(Saved data entries)
(* Let $x=(x_n)_{n\in\mathbb{Z}}$ be an integer-valued sequence. For every $i\in\mathbb{Z}$, the set of descendants of $R_x(i)$ in the record graph of $x$ contains $\{j\in\mathbb{Z}: i\le j\le R_x(i)\}$.
   Context: The record map is $R_x(i)=\inf\{n>i: \sum_{l=i}^{n-1}x_l\ge0\}$ if this set is nonempty, and $R_x(i)=i$ otherwise; the record graph has vertex set $\mathbb{Z}$ and directed edges $i\to R_x(i)$ for $R_x(i)\neq i$. The set of descendants of $v$ is $D(v)=\{v\}\cup\{j\ne v: R_x^n(j)=v\text{ for some }n\ge1\}$. *)

From Stdlib Require Import ZArith Lia ClassicalEpsilon.
Open Scope Z_scope.

(* psum x i n = sum_{l=i}^{n-1} x l  (for n > i; 0 if n <= i) *)
Definition psum (x : Z -> Z) (i n : Z) : Z :=
  List.fold_right Z.add 0
    (List.map (fun k : nat => x (i + Z.of_nat k)) (List.seq 0 (Z.to_nat (n - i)))).

Definition is_record_value (x : Z -> Z) (i r : Z) : Prop :=
  (i < r /\ 0 <= psum x i r /\ (forall n, i < n < r -> psum x i n < 0))
  \/ ((forall n, i < n -> psum x i n < 0) /\ r = i).

Lemma record_value_exists (x : Z -> Z) (i : Z) : exists r, is_record_value x i r.
Proof.
  destruct (classic (exists n, i < n /\ 0 <= psum x i n)) as [[n [Hn Hs]]|H].
  -
    assert (Hgen : forall k : nat, forall m, m = i + Z.of_nat k -> i < m ->
              0 <= psum x i m -> exists r, is_record_value x i r).
    { intro k. induction k as [k IH] using (well_founded_induction lt_wf).
      intros m Hm Him Hsm.
      destruct (classic (exists n', i < n' < m /\ 0 <= psum x i n')) as [[n' [Hn' Hs']]|Hno].
      + apply (IH (Z.to_nat (n' - i))) with (m := n'); try lia; auto.
      + exists m. left. split; [lia|split; [assumption|]].
        intros n' Hn'. destruct (Z_lt_le_dec (psum x i n') 0) as [h|h]; auto.
        exfalso. apply Hno. exists n'. auto. }
    apply (Hgen (Z.to_nat (n - i)) n); lia || auto.
  - exists i. right. split; [|reflexivity].
    intros n Hn. destruct (Z_lt_le_dec (psum x i n) 0) as [h|h]; auto.
    exfalso. apply H. exists n. auto.
Qed.

Definition R (x : Z -> Z) (i : Z) : Z :=
  proj1_sig (constructive_indefinite_description _ (record_value_exists x i)).

Lemma R_spec (x : Z -> Z) (i : Z) : is_record_value x i (R x i).
Proof. unfold R. exact (proj2_sig (constructive_indefinite_description _ _)). Qed.

Fixpoint Riter (x : Z -> Z) (n : nat) (j : Z) : Z :=
  match n with O => j | S n' => R x (Riter x n' j) end.

Definition descendants (x : Z -> Z) (v : Z) : Z -> Prop :=
  fun j => j = v \/ (j <> v /\ exists n : nat, (1 <= n)%nat /\ Riter x n j = v).

(* For i <= j < r := R x i, the sum of x over [j, r) is the sum over [i, r),
   which is nonnegative, minus the sum over [i, j), which is negative (or empty)
   by minimality of r.  Hence j < R x j <= r: iterating R from j climbs strictly
   inside (j, r] and must therefore reach r. *)

From Stdlib Require Import ZArith Lia List.
Open Scope Z_scope.

Lemma psum_empty (x : Z -> Z) (i n : Z) : n <= i -> psum x i n = 0.
Proof.
  intros Hni. unfold psum.
  replace (Z.to_nat (n - i)) with 0%nat by lia. reflexivity.
Qed.

Lemma psum_cons (x : Z -> Z) (i n : Z) : i < n -> psum x i n = x i + psum x (i + 1) n.
Proof.
  intros Hin. unfold psum.
  replace (Z.to_nat (n - i)) with (S (Z.to_nat (n - (i + 1)))) by lia.
  simpl. rewrite <- seq_shift, map_map.
  f_equal; [f_equal; lia|].
  f_equal. apply map_ext. intros k. f_equal. lia.
Qed.

Lemma psum_split (x : Z -> Z) (i j n : Z) :
  i <= j <= n -> psum x i n = psum x i j + psum x j n.
Proof.
  intros [Hij Hjn]. revert i Hij.
  apply (Z.strong_left_induction _ j).
  intros i Hij IH.
  destruct (Z.eq_dec i j) as [->|Hne].
  - rewrite (psum_empty x j j) by lia. reflexivity.
  - rewrite (psum_cons x i n), (psum_cons x i j) by lia.
    rewrite (IH (i + 1)) by lia. ring.
Qed.

Lemma R_gt_le_of_psum_nonneg (x : Z -> Z) (j n : Z) :
  j < n -> 0 <= psum x j n -> j < R x j <= n.
Proof.
  intros Hjn Hsum.
  destruct (R_spec x j) as [[Hgt [_ Hmin]]|[Hnone _]].
  - split; [exact Hgt|].
    destruct (Z_le_gt_dec (R x j) n) as [Hle|Hgt']; [exact Hle|].
    specialize (Hmin n ltac:(lia)). lia.
  - specialize (Hnone n Hjn). lia.
Qed.

Lemma R_maps_into_record_interval (x : Z -> Z) (i j : Z) :
  i < R x i -> i <= j < R x i -> j < R x j <= R x i.
Proof.
  intros Hrec Hj. apply R_gt_le_of_psum_nonneg; [lia|].
  destruct (R_spec x i) as [[_ [Hsum Hmin]]|[_ Hri]]; [|lia].
  rewrite (psum_split x i j (R x i)) in Hsum by lia.
  destruct (Z.eq_dec i j) as [<-|Hne].
  - rewrite psum_empty in Hsum by lia. lia.
  - specialize (Hmin j ltac:(lia)). lia.
Qed.

Lemma Riter_Sr (x : Z -> Z) (n : nat) (j : Z) : Riter x (S n) j = Riter x n (R x j).
Proof.
  induction n as [|n IH]; [reflexivity|].
  change (R x (Riter x (S n) j) = R x (Riter x n (R x j))). now rewrite IH.
Qed.

Lemma Riter_reaches_bound (x : Z -> Z) (a r : Z) :
  (forall j, a <= j < r -> j < R x j <= r) ->
  forall j, a <= j < r -> exists n : nat, (1 <= n)%nat /\ Riter x n j = r.
Proof.
  intros Hstep j Hj.
  assert (Hjr : j <= r) by lia. revert j Hjr Hj.
  apply (Z.strong_left_induction
           (fun j => a <= j < r -> exists n : nat, (1 <= n)%nat /\ Riter x n j = r) r).
  intros j _ IH Hj.
  destruct (Hstep j Hj) as [Hup Hle].
  destruct (Z.eq_dec (R x j) r) as [Hhit|Hne].
  - exists 1%nat. split; [lia|exact Hhit].
  - destruct (IH (R x j) ltac:(lia) ltac:(lia) ltac:(lia)) as [n [_ Hn]].
    exists (S n). split; [lia|]. now rewrite Riter_Sr.
Qed.

Theorem lemma2p17 (x : Z -> Z) (i : Z) :
  forall j : Z, i <= j <= R x i -> descendants x (R x i) j.
Proof.
  intros j Hj.
  destruct (Z.eq_dec j (R x i)) as [Heq|Hne]; [left; exact Heq|].
  right. split; [exact Hne|].
  assert (Hrec : i < R x i) by lia.
  apply (Riter_reaches_bound x i (R x i)); [|lia].
  intros k Hk. exact (R_maps_into_record_interval x i k Hrec Hk).
Qed.
(* Let $A$ be a deterministic parity tree automaton and $p$ a state of $A$. Then $p$ occurs in infinitely many pairwise incomparable (with respect to the prefix order) nodes of some accepting run of $A$ if and only if $p$ is productive and $p$ is replicated by an accepting loop.
   Context: Deterministic parity tree automata: total $\delta:Q\times\Sigma\to Q\times Q$, edges $q\xrightarrow{\sigma,d}q'$ with direction $d\in\{0,1\}$. A run is accepting if on every path the highest rank occurring infinitely often is even. A state is productive if it occurs in some accepting run. A loop is a path from a state back to itself; it is accepting iff the maximal rank on it is even. A state $p$ is replicated by a loop $q_1\xrightarrow{\sigma,d_0}q_2\to\cdots\to q_1$ if there exists a path $q_1\xrightarrow{\sigma,d_1}q_2'\to\cdots\to p$ with $d_1\ne d_0$ (same first letter, other direction). We assume (as a standing convention) that all states reachable in the automaton are productive except possibly one all-rejecting state $\bot$, and every transition is either used in an accepting run or has the form $q\xrightarrow{\sigma}\bot,\bot$. *)

From mathcomp Require Import all_boot.
Set Implicit Arguments. Unset Strict Implicit. Unset Printing Implicit Defensive.

(* Direction 0 is [false] (left child), direction 1 is [true] (right child). *)
Record dpta (Q S : finType) := DPTA {
  init  : Q;
  delta : Q -> S -> Q * Q;
  rank  : Q -> nat }.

- What the task asks
The required answer is the exact run of lines above starting at the line with "Definition descendants (x" and ending at the line with "which is nonnegative, minus", with both ends present.

- Solved exercise
Definition descendants (x : Z -> Z) (v : Z) : Z -> Prop :=
  fun j => j = v \/ (j <> v /\ exists n : nat, (1 <= n)%nat /\ Riter x n j = v).

(* For i <= j < r := R x i, the sum of x over [j, r) is the sum over [i, r),
   which is nonnegative, minus the sum over [i, j), which is negative (or empty)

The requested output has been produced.